**What you are asked to do**
Look through the listing below and report how many lines contain "GroupLemmas", as a bare number.

**Given records**
====

(* The key fact is that the hom-space (C/G)#G (x^(a), y^(b)) is the homogeneous
   component of degree b^-1 a, i.e. the image of C((b^-1 a) x, y) under the
   injective map P^(1).  So every morphism of the smash product is written
   uniquely as  Pm h,  and the structure of (C/G)#G is computed on the
   representatives h:
   - sums and scalar multiples are taken componentwise ([P1_add], [P1_scale]);
   - Pm g . Pm f = Pm (g . b(f))  for g of degree b ([compP]);
   - the identity is Pm id ([idmS]) and the G-action leaves h unchanged ([amorP]).
   The functor is  F x = x^(1),  F f = Pm f,  with  rho_{g,x} = Pm id_{g x} :
   x^(g) -> (g x)^(1).  Functoriality, naturality and the cocycle condition
   reduce to identities in C; F is fully faithful because P^(1) is injective, and
   dense because x^(a) is isomorphic to (a x)^(1) through Pm id ([Pid_iso]). *)

Section GroupLemmas.
Variable G : Grp.
Implicit Types a b : G.

Lemma gmulKg a b : gmul (ginv a) (gmul a b) = b.
Proof. by rewrite gmulA gmulVg gmul1g. Qed.

Lemma gmulKVg a b : gmul a (gmul (ginv a) b) = b.
Proof. by rewrite gmulA gmulgV gmul1g. Qed.

Lemma ginv_uniq a b : gmul a b = gone -> ginv a = b.
Proof. by move=> e; rewrite -[ginv a]gmulg1 -e gmulA gmulVg gmul1g. Qed.

Lemma ginvM a b : ginv (gmul a b) = gmul (ginv b) (ginv a).
Proof.
by apply: ginv_uniq; rewrite gmulA -[gmul (gmul a b) _]gmulA gmulgV gmulg1 gmulgV.
Qed.

Lemma ginv1 : ginv (gone : G) = gone.
Proof. by apply: ginv_uniq; rewrite gmul1g. Qed.

Lemma ginvK a : ginv (ginv a) = a.
Proof. by apply: ginv_uniq; rewrite gmulVg. Qed.

End GroupLemmas.

(* Since the objects of the smash product and the objects a x, (b a) x, ... are
   only propositionally equal, these rules do the bookkeeping. *)
Section Transport.
Variables (k : comPzRingType) (D : kcat k).

Lemma tr_tr (x x' x'' y y' y'' : Obj D) (e1 : x = x') (e2 : y = y')
  (e3 : x' = x'') (e4 : y' = y'') (f : Hom D x y) :
  tr e3 e4 (tr e1 e2 f) = tr (etrans e1 e3) (etrans e2 e4) f.
Proof. by destruct e3, e4, e1, e2. Qed.

Lemma tr_pi (x x' y y' : Obj D) (e1 e1' : x = x') (e2 e2' : y = y') (f : Hom D x y) :
  tr e1 e2 f = tr e1' e2' f.
Proof. by rewrite (proof_irrelevance _ e1 e1') (proof_irrelevance _ e2 e2'). Qed.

====

**Output**
2